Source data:
☆ ☆ ☆ ☆

(* There exists a divergent series of positive real terms $\sum_{n=1}^{\infty}y_n$ with $\lim_{n\to\infty}y_n=0$ such that $\{\sum_{n=1}^{\infty}(y_n-y_{\tau(n)}) : \tau\in S_\infty,\ \text{the series converges}\}=\mathbb{R}$.
   Context: $S_\infty$ denotes the set of all permutations of $\mathbb{N}$. *)

From Stdlib Require Import Reals.
Open Scope R_scope.

Definition is_perm_nat (tau : nat -> nat) : Prop :=
  (forall m n, tau m = tau n -> m = n) /\ (forall k, exists n, tau n = k).

Definition series_converges_to (a : nat -> R) (s : R) : Prop :=
  Un_cv (fun N => sum_f_R0 a N) s.

(* Block e of the sequence consists of 2(e+1)^2 terms alternating between
   1/(e+1) and 1/(2(e+1)^2); each block contributes more than 1, so the series
   diverges although y_n -> 0.  For x >= 0 the involution tau swaps the first
   c_e ~ x(e+1) large terms of block e with the small terms one place further
   in block e+1 (for x < 0, small terms of block e with large ones of block
   e+1).  A swapped pair contributes +-w_e ~ +-1/(e+1) to the partial sums while
   it is open and nothing once closed.  Inside block e+1 the pairs coming from
   block e close exactly as fast as the new pairs open, so every partial sum
   lies within O(1/e) of c_e w_e ~ x. *)

From Stdlib Require Import Bool Reals Lia ZArith Lra Psatz.
Open Scope R_scope.

Ltac nat_lia := zify; rewrite ?Nat2Z.inj_div, ?Nat2Z.inj_mod in *; Z.div_mod_to_equations; lia.

Lemma Rabs_le_between a b : Rabs a <= b -> - b <= a <= b.
Proof. unfold Rabs; destruct (Rcase_abs a); intros; lra. Qed.

Lemma involutive_is_perm_nat (f : nat -> nat) : (forall n, f (f n) = n) -> is_perm_nat f.
Proof.
  intros Hf. split.
  - intros m n Hmn. rewrite <- (Hf m), <- (Hf n), Hmn. reflexivity.
  - intros k. exists (f k). apply Hf.
Qed.

Definition block_len (e : nat) : nat := 2 * ((e + 1) * (e + 1)).

Fixpoint block_start (e : nat) : nat :=
  match e with 0 => 0%nat | S e' => (block_start e' + block_len e')%nat end.

Fixpoint decode (n : nat) : nat * nat :=
  match n with
  | 0 => (0, 0)%nat
  | S n' => let (e, j) := decode n' in
            if S j <? block_len e then (e, S j) else (S e, 0%nat)
  end.

Lemma block_len_ge_2 e : (2 <= block_len e)%nat.
Proof. unfold block_len. nia. Qed.

Lemma block_len_le_S e : (block_len e <= block_len (S e))%nat.
Proof. unfold block_len. nia. Qed.

Lemma INR_block_len e : INR (block_len e) = 2 * ((INR e + 1) * (INR e + 1)).
Proof. unfold block_len. rewrite !mult_INR, plus_INR. simpl. ring. Qed.

Lemma block_len_pos e : 0 < INR (block_len e).
Proof. apply lt_0_INR. pose proof (block_len_ge_2 e). lia. Qed.

Lemma decode_lt n : (snd (decode n) < block_len (fst (decode n)))%nat.
Proof.
  induction n as [|n IH]; simpl.
  - pose proof (block_len_ge_2 0). lia.
  - destruct (decode n) as [e j]; simpl in *.
    destruct (S j <? block_len e) eqn:H; simpl.
    + apply Nat.ltb_lt in H. lia.
    + pose proof (block_len_ge_2 (S e)). lia.
Qed.

Lemma decode_spec n : (block_start (fst (decode n)) + snd (decode n))%nat = n.
Proof.
  induction n as [|n IH]; simpl; [reflexivity|].
  pose proof (decode_lt n) as V.
  destruct (decode n) as [e j]; simpl in *.
  destruct (S j <? block_len e) eqn:H; simpl.
  - lia.
  - apply Nat.ltb_ge in H. lia.
Qed.

Lemma block_start_lt e1 e2 :
  (e1 < e2)%nat -> (block_start e1 + block_len e1 <= block_start e2)%nat.
Proof.
  induction e2 as [|e2 IH]; intros H; [lia|].
  simpl. destruct (Nat.eq_dec e1 e2) as [->|]; [lia|].
  specialize (IH ltac:(lia)). lia.
Qed.

Lemma block_start_ge e : (e <= block_start e)%nat.
Proof. induction e; simpl; [lia|]. pose proof (block_len_ge_2 e). lia. Qed.

Lemma decode_encode e j : (j < block_len e)%nat -> decode (block_start e + j) = (e, j).
Proof.
  intros Hj.
  pose proof (decode_lt (block_start e + j)) as V.
  pose proof (decode_spec (block_start e + j)) as Sp.
  destruct (decode (block_start e + j)) as [e' j']; simpl in *.
  destruct (lt_eq_lt_dec e e') as [[H|H]|H].
  - pose proof (block_start_lt _ _ H). lia.
  - subst. f_equal. lia.
  - pose proof (block_start_lt _ _ H). lia.
Qed.

Lemma level_ge n e : (block_start e <= n)%nat -> (e <= fst (decode n))%nat.
Proof.
  intros H. pose proof (decode_spec n). pose proof (decode_lt n).
  destruct (decode n) as [e' j]; simpl in *.
  destruct (le_lt_dec e e') as [|Hl]; [assumption|].
  pose proof (block_start_lt _ _ Hl). lia.
Qed.

Lemma Un_cv_level_bound (u : nat -> R) (l M : R) (E : nat) :
  (1 <= E)%nat ->
  (forall n, (E <= fst (decode n))%nat -> Rabs (u n - l) <= M / INR (fst (decode n))) ->
  Un_cv u l.
Proof.
  intros HE Hu eps Heps.
  destruct (INR_unbounded (M / eps)) as [k Hk].
  exists (block_start (Nat.max E k)). intros n Hn. unfold R_dist.
  apply level_ge in Hn.
  set (e := fst (decode n)) in *.
  assert (Hke : INR k <= INR e) by (apply le_INR; lia).
  assert (He1 : 1 <= INR e) by (change 1 with (INR 1); apply le_INR; lia).
  assert (HM : M < eps * INR k).
  { assert (M = M / eps * eps) by (field; lra). nra. }
  eapply Rle_lt_trans; [apply Hu; lia|].
  apply Rmult_lt_reg_r with (INR e); [lra|].
  unfold Rdiv. rewrite Rmult_assoc, Rinv_l by lra. nra.
Qed.

Definition y_val (e j : nat) : R :=
  if (j mod 2 =? 0)%nat then / INR (e + 1) else / INR (block_len e).

Definition y (n : nat) : R := y_val (fst (decode n)) (snd (decode n)).

Lemma INR_succ_le_block_len e : INR (e + 1) <= INR (block_len e).
Proof. apply le_INR. unfold block_len. nia. Qed.

Lemma y_val_pos e j : 0 < y_val e j.
Proof.
  unfold y_val. destruct (j mod 2 =? 0)%nat; apply Rinv_0_lt_compat.
  - apply lt_0_INR; lia.
  - apply block_len_pos.
Qed.

Lemma y_val_le e j : y_val e j <= / INR (e + 1).
Proof.
  unfold y_val. destruct (j mod 2 =? 0)%nat; [lra|].
  apply Rinv_le_contravar; [apply lt_0_INR; lia | apply INR_succ_le_block_len].
Qed.

Lemma y_val_ge e j : / INR (block_len e) <= y_val e j.
Proof.
  unfold y_val. destruct (j mod 2 =? 0)%nat; [|lra].
  apply Rinv_le_contravar; [apply lt_0_INR; lia | apply INR_succ_le_block_len].
Qed.

Lemma y_pos n : 0 < y n.
Proof. apply y_val_pos. Qed.

Lemma y_cvg_0 : Un_cv y 0.
Proof.
  apply (Un_cv_level_bound y 0 1 1); [lia|].
  intros n Hn. unfold y.
  rewrite Rminus_0_r, Rabs_right by (apply Rle_ge, Rlt_le, y_val_pos).
  eapply Rle_trans; [apply y_val_le|]. unfold Rdiv. rewrite Rmult_1_l.
  apply Rinv_le_contravar; [apply lt_0_INR; lia | apply le_INR; lia].
Qed.

Lemma sum_y_lower n :
  INR (fst (decode n)) + INR (S (snd (decode n))) / INR (block_len (fst (decode n)))
  <= sum_f_R0 y n.
Proof.
  unfold Rdiv. induction n as [|n IH].
  - change (sum_f_R0 y 0) with (y 0). unfold y. change (decode 0) with (0, 0)%nat.
    cbn [fst snd]. change (INR 0) with 0. change (INR 1) with 1.
    pose proof (y_val_ge 0 0). lra.
  - simpl sum_f_R0. unfold y at 2. pose proof (decode_lt n) as V. simpl decode.
    destruct (decode n) as [e j]; cbn [fst snd] in *.
    destruct (S j <? block_len e) eqn:H; cbn [fst snd].
    + pose proof (y_val_ge e (S j)). rewrite S_INR with (n := S j). lra.
    + apply Nat.ltb_ge in H. assert (Hj : S j = block_len e) by lia. rewrite Hj in IH.
      rewrite Rinv_r in IH by (apply Rgt_not_eq, block_len_pos).
      pose proof (y_val_ge (S e) 0). rewrite S_INR with (n := e). simpl (INR 1). lra.
Qed.

Lemma sum_y_block_start e : INR e <= sum_f_R0 y (block_start e).
Proof.
  pose proof (sum_y_lower (block_start e)) as H.
  rewrite <- (Nat.add_0_r (block_start e)) in H.
  rewrite decode_encode in H by (pose proof (block_len_ge_2 e); lia).
  cbn [fst snd] in H. rewrite Nat.add_0_r in H.
  assert (0 <= INR 1 / INR (block_len e)).
  { unfold Rdiv. apply Rmult_le_pos;
      [apply pos_INR | left; apply Rinv_0_lt_compat, block_len_pos]. }
  lra.
Qed.

Lemma y_not_summable : ~ exists s, series_converges_to y s.
Proof.
  intros [s Hs]. destruct (Hs 1 Rlt_0_1) as [N HN].
  destruct (INR_unbounded (s + 1)) as [k Hk].
  set (e := Nat.max N k).
  pose proof (block_start_ge e).
  specialize (HN (block_start e) ltac:(unfold e in *; lia)).
  pose proof (sum_y_block_start e).
  assert (INR k <= INR e) by (apply le_INR; unfold e; lia).
  unfold R_dist in HN. apply Rabs_def2 in HN. lra.
Qed.

Section Swap.

Variable p : nat.
Variable c : nat -> nat.

Definition opens (e j : nat) : bool := ((j mod 2 =? p) && (j / 2 <? c e))%nat.

Definition partner (e j : nat) : nat * nat :=
  if opens e j then (S e, S j) else
  match e, j with
  | S e', S j' => if opens e' j' then (e', j') else (e, j)
  | _, _ => (e, j)
  end.

Definition tau (n : nat) : nat :=
  let q := partner (fst (decode n)) (snd (decode n)) in (block_start (fst q) + snd q)%nat.

Hypothesis p_le_1 : (p <= 1)%nat.
Hypothesis c_fits : forall e, (2 * c e + 2 <= block_len e)%nat.

Lemma opens_true e j : opens e j = true -> (j mod 2 = p /\ j / 2 < c e)%nat.
Proof.
  unfold opens; intros H. apply andb_true_iff in H as [H1 H2].
  apply Nat.eqb_eq in H1; apply Nat.ltb_lt in H2; auto.
Qed.

Lemma opens_false e j : opens e j = false -> (j mod 2 <> p \/ c e <= j / 2)%nat.
Proof.
  unfold opens; intros H. apply andb_false_iff in H as [H1|H2].
  - apply Nat.eqb_neq in H1; auto.
  - apply Nat.ltb_ge in H2; auto.
Qed.

Lemma partner_lt e j :
  (j < block_len e)%nat -> (snd (partner e j) < block_len (fst (partner e j)))%nat.
Proof.
  intros Hj. unfold partner.
  destruct (opens e j) eqn:O.
  - apply opens_true in O. simpl. pose proof (c_fits e). pose proof (block_len_le_S e). nat_lia.
  - destruct e as [|e']; destruct j as [|j']; simpl; auto.
    destruct (opens e' j') eqn:O2; simpl; auto.
    apply opens_true in O2. pose proof (c_fits e'). nat_lia.
Qed.

Lemma partner_invol e j :
  (j < block_len e)%nat -> partner (fst (partner e j)) (snd (partner e j)) = (e, j).
Proof.
  intros Hj.
  destruct (opens e j) eqn:O.
  - assert (E : partner e j = (S e, S j)) by (unfold partner; rewrite O; auto).
    rewrite E; simpl. unfold partner.
    destruct (opens (S e) (S j)) eqn:O2.
    + apply opens_true in O; apply opens_true in O2. exfalso. nat_lia.
    + rewrite O. reflexivity.
  - destruct e as [|e']; destruct j as [|j'];
      try (assert (E : partner _ _ = (_, _)) by (unfold partner; rewrite O; reflexivity);
           rewrite E; simpl; unfold partner; rewrite O; reflexivity).
    destruct (opens e' j') eqn:O2.
    + assert (E : partner (S e') (S j') = (e', j')) by (unfold partner; rewrite O, O2; reflexivity).
      rewrite E; simpl. unfold partner. rewrite O2. reflexivity.
    + assert (E : partner (S e') (S j') = (S e', S j'))
        by (unfold partner; rewrite O, O2; reflexivity).
      rewrite E; simpl. unfold partner. rewrite O, O2. reflexivity.
Qed.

☆ ☆ ☆ ☆

ACTIVITY: From the start of the data to the line that holds "1/(e+1) and 1/(2(e+1)^2);", retype each line exactly, with both ends included.

EXERCISE ANSWER:
(* There exists a divergent series of positive real terms $\sum_{n=1}^{\infty}y_n$ with $\lim_{n\to\infty}y_n=0$ such that $\{\sum_{n=1}^{\infty}(y_n-y_{\tau(n)}) : \tau\in S_\infty,\ \text{the series converges}\}=\mathbb{R}$.
   Context: $S_\infty$ denotes the set of all permutations of $\mathbb{N}$. *)

From Stdlib Require Import Reals.
Open Scope R_scope.

Definition is_perm_nat (tau : nat -> nat) : Prop :=
  (forall m n, tau m = tau n -> m = n) /\ (forall k, exists n, tau n = k).

Definition series_converges_to (a : nat -> R) (s : R) : Prop :=
  Un_cv (fun N => sum_f_R0 a N) s.

(* Block e of the sequence consists of 2(e+1)^2 terms alternating between
   1/(e+1) and 1/(2(e+1)^2); each block contributes more than 1, so the series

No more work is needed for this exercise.